Она ласково, по-дружески мне кивнула. Было в ее больших, запавших от страдания глазах что-то неуловимое: в них мелькало то недоверие, то надежда, то любопытство, то нежность — все эти чувства сливались в ее взоре.
— Стану беречь себя, лягу спать, не буду грустить, — отвечал я.
— И начнете учиться?
— И начну учиться… А вы, Эдме, простите мне все огорчения, какие я вам причинил, и полюбите меня хоть чуточку?
— Даже очень полюблю, если вы всегда будете таким, как нынче, — ответила она.
Наутро, едва рассвело, я вошел к аббату в комнату; он уже встал и занимался чтением.
— Господин Обер, — сказал я, — вы не раз предлагали давать мне уроки; я хотел бы воспользоваться вашим любезным предложением.
Почти всю ночь напролет обдумывал я эту вступительную фразу и поведение, какого буду придерживаться в отношении аббата. Не могу сказать, чтобы в глубине души я его ненавидел: я видел его доброту и понимал, что его попросту коробят мои недостатки; но все же я не мог преодолеть чувства горечи. Совесть моя говорила, что, как плохо ни отзывался обо мне аббат в беседе с Эдме, я это заслужил; однако мне казалось, что он мог бы больше сказать о моих «хороших задатках», между тем он упомянул о них только вскользь, хотя они не могли укрыться от столь проницательного человека. Поэтому я решил держаться с ним гордо и холодно. Желая быть последовательным, я собирался во время урока проявить примерное послушание и, кротко поблагодарив аббата, уйти сразу же, как только урок кончится. Словом, я хотел унизить аббата как воспитателя. Я ведь знал, что он получает содержание от моего дяди и что отказаться от занятий со мной — значит либо отвергнуть получаемое жалованье, либо выказать себя неблагодарным. Рассуждал я вполне логично, но движим был весьма дурным чувством; позднее я так сожалел о своем поведении, что дружески исповедался аббату, умоляя его отпустить мне это прегрешение.

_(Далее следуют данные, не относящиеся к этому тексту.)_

(* Near [+oo], [|W| <= C y^2 u v] decays like [e^{-y^2/2}] up to powers of [y]. *)
Lemma wronskian_zero y : W y = 0.
Proof.
  rewrite wronskian_const. clear y. apply NNPP. intros HW0.
  set (K := 2 + Rabs a).
  assert (HK : 0 < K) by (pose proof (Rabs_pos a); unfold K; lra).
  assert (HWpos : 0 < Rabs (W 0)) by (apply Rabs_pos_lt; assumption).
  assert (Hu := log_deriv_asymp a u du u_deriv du_deriv u_lim (1 / 4) ltac:(lra)).
  assert (Hv := log_deriv_asymp (a - 1) v dv v_deriv dv_deriv v_lim (1 / 4) ltac:(lra)).
  assert (Hlnu := ln_recessive_bound a u u_lim).
  assert (Hlnv := ln_recessive_bound (a - 1) v v_lim).
  assert (Hq := quadratic_dominates_log 1 (ln K + 2 - ln (Rabs (W 0))) (2 - 2 * a) ltac:(lra)).
  destruct (eventually_exists _ 1 (filter_and _ _ (filter_and _ _ Hu Hv)
              (filter_and _ _ (filter_and _ _ Hlnu Hlnv) Hq)))
    as [y [Hy [[[Hu0 Hp] [Hv0 Hr]] [[[_ Hlu] [_ Hlv]] Hqy]]]].
  set (p := du y / u y) in *. set (r := dv y / v y) in *.
  assert (HWy : W 0 = u y * v y * ((y / 2 - p) * r - / 2 + (y ^ 2 / 4 + a) - y / 2 * p)).
  { rewrite <- (wronskian_const y). unfold W, w, dw, p, r. field. split; lra. }
  assert (Hbound := wronskian_factor_bound a y p r Hy ltac:(lra) ltac:(lra)).
  fold K in Hbound.
  assert (Hle : Rabs (W 0) <= K * (y * y) * (u y * v y)).
  { rewrite HWy, Rabs_mult, (Rabs_right (u y * v y)) by nra.
    rewrite (Rmult_comm (K * (y * y))). apply Rmult_le_compat_l; [nra | exact Hbound]. }
  assert (Hln : ln (Rabs (W 0)) <= ln K + 2 * ln y + ln (u y) + ln (v y)).
  { assert (0 < y * y /\ 0 < K * (y * y) /\ 0 < u y * v y) as [Hyy [HKyy Huv]].
    { repeat split; repeat apply Rmult_lt_0_compat; lra. }
    replace (ln K + 2 * ln y + ln (u y) + ln (v y)) with (ln (K * (y * y) * (u y * v y)))
      by ((rewrite !ln_mult by lra); ring).
    destruct Hle as [Hlt | Heq]; [left; apply ln_increasing; assumption | right; now rewrite Heq]. }
  apply Rabs_def2 in Hlu. apply Rabs_def2 in Hlv. lra.
Qed.

Lemma lim_pcf_scale_w : is_lim (fun y => pcf_scale (a - 1) y * w y) p_infty 1.
Proof.
  apply (is_lim_ext_loc (fun y => pcf_scale a y * u y * (/ 2 - du y / u y / y))).
  - destruct (filter_and _ _ (recessive_near_one a u u_lim) (eventually_ge 1)) as [M HM].
    exists M. intros y Hy. destruct (HM y Hy) as [[Hu _] Hy1].
    rewrite (pcf_scale_pred a y) by lra. unfold w. field. split; lra.
  - replace (Finite 1) with (Rbar_mult 1 (/ 2 - - 1 / 2)) by (simpl; f_equal; field).
    apply is_lim_mult; [exact u_lim | | exact I].
    apply (is_lim_minus' (fun _ => / 2)); [apply is_lim_const |].
    exact (log_deriv_div_id_lim a u du u_deriv du_deriv u_lim).
Qed.

(* A vanishing Wronskian makes [w / v] constant where [v > 0], and the normalisations of [w] and
   [v] at [+oo] agree. *)
Lemma w_eq_v_eventually : exists Y, forall y, Y <= y -> w y = v y.
Proof.
  destruct (recessive_near_one (a - 1) v v_lim) as [Y HY].
  set (c := w (Y + 1) / v (Y + 1)).
  assert (Hc : forall y, Y + 1 <= y -> w y = c * v y).
  { intros y Hy. destruct (HY y ltac:(lra)) as [Hvy _].
    enough (w y / v y = c) as <- by (field; lra).
    symmetry. apply (eq_of_is_derive_zero (fun y => w y / v y)); [| exact Hy].
    intros t Ht. destruct (HY t ltac:(lra)) as [Hvt _].
    eapply is_derive_eq; [exact (is_derive_div w v t _ _ (is_derive_w t) (v_deriv t) ltac:(lra)) |].
    pose proof (wronskian_zero t) as HWt. unfold W in HWt.
    field_simplify; [| lra]. replace (dw t * v t - w t * dv t) with (- (w t * dv t - dw t * v t)) by ring.
    rewrite HWt. field. lra. }
  assert (Hc1 : c = 1).
  { assert (Hlim : is_lim (fun y => pcf_scale (a - 1) y * w y) p_infty (c * 1)).
    { apply (is_lim_ext_loc (fun y => c * (pcf_scale (a - 1) y * v y))).
      - exists (Y + 1). intros y Hy. rewrite (Hc y) by lra. ring.
      - exact (is_lim_scal_l _ c p_infty 1 v_lim). }
    apply is_lim_unique in Hlim. rewrite (is_lim_unique _ _ _ lim_pcf_scale_w) in Hlim.
    injection Hlim. lra. }
  exists (Y + 1). intros y Hy. rewrite (Hc y Hy), Hc1. ring.
Qed.

Lemma v_eq_w y : v y = w y.
Proof.
  destruct w_eq_v_eventually as [Y HY].
  set (T := Rmax Y y + 1).
  assert (Y + 1 <= T /\ y <= T) as [HYT HyT].
  { pose proof (Rmax_l Y y). pose proof (Rmax_r Y y). unfold T; lra. }
  set (z := fun t => w t - v t).
  assert (Hz : forall t, is_derive z t (dw t - dv t)).
  { intros t. exact (is_derive_Rminus w v t _ _ (is_derive_w t) (v_deriv t)). }
  assert (Hdz : forall t, is_derive (fun t => dw t - dv t) t ((t ^ 2 / 4 + (a - 1)) * z t)).
  { intros t. eapply is_derive_eq; [exact (is_derive_Rminus dw dv t _ _ (is_derive_dw t) (dv_deriv t)) |].
    unfold z. ring. }
  assert (HzT : z T = 0) by (unfold z; rewrite HY; [ring | lra]).
  assert (HdzT : dw T - dv T = 0).
  { assert (Hloc : is_derive z T 0).
    { apply (is_derive_ext_loc (fun _ => 0)); [| apply (is_derive_const (K := R_AbsRing) (V := R_NormedModule) 0 T)].
      exists (mkposreal 1 Rlt_0_1). intros t Ht. change (Rabs (t - T) < 1) in Ht.
      apply Rabs_def2 in Ht. unfold z. rewrite HY by lra. exact (eq_sym (Rminus_diag_eq _ _ eq_refl)). }
    rewrite <- (is_derive_unique _ _ _ Hloc). exact (eq_sym (is_derive_unique _ _ _ (Hz T))). }
  enough (z y = 0) by (unfold z in *; lra).
  apply (linear_ode_zero_backward z (fun t => dw t - dv t) (fun t => t ^ 2 / 4 + (a - 1)) T y
           ((y ^ 2 + T ^ 2) / 4 + Rabs (a - 1))); auto.
  intros t Ht. eapply Rle_trans; [apply Rabs_triang |].
  rewrite Rabs_right by (pose proof (pow2_ge_0 t); lra).
  assert (t ^ 2 <= y ^ 2 + T ^ 2) by (destruct (Rle_or_lt 0 t); nra).
  lra.
Qed.

Lemma recurrence_u y : du y = y / 2 * u y - v y.
Proof. rewrite v_eq_w. unfold w. ring. Qed.

Lemma recurrence_v y : dv y = (1 / 2 - a) * u y - y / 2 * v y.
Proof.
  assert (Hv : is_derive v y (dw y)).
  { apply (is_derive_ext w); [intros t; symmetry; apply v_eq_w | apply is_derive_w]. }
  rewrite <- (is_derive_unique _ _ _ (v_deriv y)), (is_derive_unique _ _ _ Hv).
  unfold dw. rewrite recurrence_u. field.
Qed.

End Recurrence.

(* The positive root [g] of [m/2 g^2 + y g = c/(2m)]. *)
Definition riccati_root (m c y : R) : R := (- y + sqrt (c + y ^ 2)) / m.

Lemma abs_lt_sqrt_add_sq c y : 0 < c -> Rabs y < sqrt (c + y ^ 2).
Proof.
  intros Hc. rewrite <- sqrt_Rsqr_abs. apply sqrt_lt_1_alt.
  unfold Rsqr. pose proof (pow2_ge_0 y). split; [nra | lra].
Qed.

Section RiccatiRoot.
Variables (m c : R).
Hypothesis m_pos : 0 < m.
Hypothesis c_pos : 0 < c.

Lemma riccati_root_pos y : 0 < riccati_root m c y.
Proof.
  pose proof (abs_lt_sqrt_add_sq c y c_pos). pose proof (RRle_abs y).
  apply Rdiv_lt_0_compat; lra.
Qed.

Lemma riccati_root_eq y : m / 2 * riccati_root m c y ^ 2 + y * riccati_root m c y = c / (2 * m).
Proof.
  unfold riccati_root.
  pose proof (sqrt_sqrt (c + y ^ 2) ltac:(pose proof (pow2_ge_0 y); lra)) as Hs.
  replace (m / 2 * ((- y + sqrt (c + y ^ 2)) / m) ^ 2 + y * ((- y + sqrt (c + y ^ 2)) / m))
    with ((sqrt (c + y ^ 2) * sqrt (c + y ^ 2) - y ^ 2) / (2 * m)) by (field; lra).
  rewrite Hs. field. lra.
Qed.

Lemma is_derive_riccati_root y :
  is_derive (riccati_root m c) y ((-1 + y / sqrt (c + y ^ 2)) / m).
Proof.
  pose proof (pow2_ge_0 y). pose proof (abs_lt_sqrt_add_sq c y c_pos). pose proof (Rabs_pos y).
  unfold riccati_root. auto_derive.
  - lra.
  - replace (y * (y * 1)) with (y ^ 2) by ring. field. split; lra.
Qed.

End RiccatiRoot.

Section RiccatiRatio.
Variables (n : R) (rho : R -> R).
Hypothesis n_gt : 1 / 2 < n.
Hypothesis rho_deriv : forall y, is_derive rho y (y * rho y - 1 + (n - 1 / 2) * rho y ^ 2).
Hypothesis rho_lim : is_lim (fun y => y * rho y) p_infty 1.

Lemma mul_ratio_near_one eps : 0 < eps ->
  Rbar_locally p_infty (fun y => 1 - eps < y * rho y < 1 + eps).
Proof.
  intros Heps. apply is_lim_spec in rho_lim.
  destruct (rho_lim (mkposreal eps Heps)) as [M HM].
  exists M. intros y Hy. specialize (HM y Hy). simpl in HM. apply Rabs_def2 in HM. lra.
Qed.

(* Once [rho >= g] the Riccati equation makes [rho] increasing, so [y rho y] cannot tend to 1. *)
Lemma riccati_ratio_lt_upper_root (rho_pos : forall y, 0 < rho y) y :
  rho y < riccati_root (2 * n - 1) (4 * n - 2) y.
Proof.
  set (g := riccati_root (2 * n - 1) (4 * n - 2)).
  set (s := fun t => sqrt (4 * n - 2 + t ^ 2)).
  assert (Hs : forall t, Rabs t < s t) by (intros t; apply abs_lt_sqrt_add_sq; lra).
  assert (Hg : forall t, t * g t - 1 + (n - 1 / 2) * g t ^ 2 = 0).
  { intros t. pose proof (riccati_root_eq (2 * n - 1) (4 * n - 2) ltac:(lra) ltac:(lra) t) as Heq.
    fold g in Heq. replace ((4 * n - 2) / (2 * (2 * n - 1))) with 1 in Heq by (field; lra). lra. }
  assert (Hgs : forall t, (n - 1 / 2) * (2 * g t) + t = s t) by (intros t; unfold g, riccati_root, s; field; lra).
  apply Rnot_le_lt. intros Hge.
  assert (Habove : forall t, y < t -> 0 < rho t - g t).
  { apply (pos_of_upcrossings _ (fun t => (t * rho t - 1 + (n - 1 / 2) * rho t ^ 2)
                                         - (-1 + t / s t) / (2 * n - 1)) y).
    - intros t _. apply is_derive_Rminus; [apply rho_deriv | apply is_derive_riccati_root; lra].
    - lra.
    - intros z _ Hz. cbv beta in Hz |- *. replace (rho z) with (g z) by lra. rewrite Hg.
      pose proof (Hs z). pose proof (RRle_abs z). pose proof (Rabs_pos z).
      assert (z / s z < 1).
      { apply (Rmult_lt_reg_r (s z)); [lra |]. unfold Rdiv. rewrite Rmult_assoc, Rinv_l by lra. lra. }
      replace (0 - (-1 + z / s z) / (2 * n - 1)) with ((1 - z / s z) / (2 * n - 1)) by (field; lra).
      apply Rdiv_lt_0_compat; lra. }
  assert (Hincr : forall t, y + 1 <= t -> rho (y + 1) <= rho t).
  { intros t Ht. apply (le_of_is_derive_nonneg rho (fun t => t * rho t - 1 + (n - 1 / 2) * rho t ^ 2));
      [intros; apply rho_deriv | | exact Ht].
    intros x Hx. specialize (Habove x ltac:(lra)). specialize (Hgs x). pose proof (Hs x).
    pose proof (Rabs_pos x). specialize (Hg x).
    replace (x * rho x - 1 + (n - 1 / 2) * rho x ^ 2)
      with ((rho x - g x) * (s x + (n - 1 / 2) * (rho x - g x))) by nra.
    apply Rmult_le_pos; nra. }
  pose proof (rho_pos (y + 1)) as Hr1.
  destruct (eventually_exists _ (Rmax (y + 1) (3 / rho (y + 1))) (mul_ratio_near_one 1 ltac:(lra)))
    as [t [Ht Hnear]].
  pose proof (Rmax_l (y + 1) (3 / rho (y + 1))). pose proof (Rmax_r (y + 1) (3 / rho (y + 1))).
  specialize (Hincr t ltac:(lra)).
  assert (3 <= t * rho (y + 1)).
  { apply (Rmult_le_reg_r (/ rho (y + 1))); [apply Rinv_0_lt_compat; lra |].
    rewrite Rmult_assoc, Rinv_r by lra. unfold Rdiv in *. lra. }
  nra.
Qed.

Но не будем предвосхищать события; я хочу сказать, что в первые же дни после моего обращения я был полностью отомщен, рассеяв предубеждения аббата, во многом слишком обоснованные. Если бы привычная подозрительность не сковывала непосредственность его порывов, он заслужил бы название праведника, данное ему Пасьянсом. Гонения, которым так долго подвергался аббат Обер, приучили его подходить к людям с опаской, и он сохранил эту черту на всю жизнь; поэтому так трудно было завоевать его доверие, но, быть может, оттого оно особенно трогало и казалось особенно лестным. Я наблюдал позднее эту черту характера у многих почтенных священников. Им бывает присущ дух милосердия, но не дружеские чувства.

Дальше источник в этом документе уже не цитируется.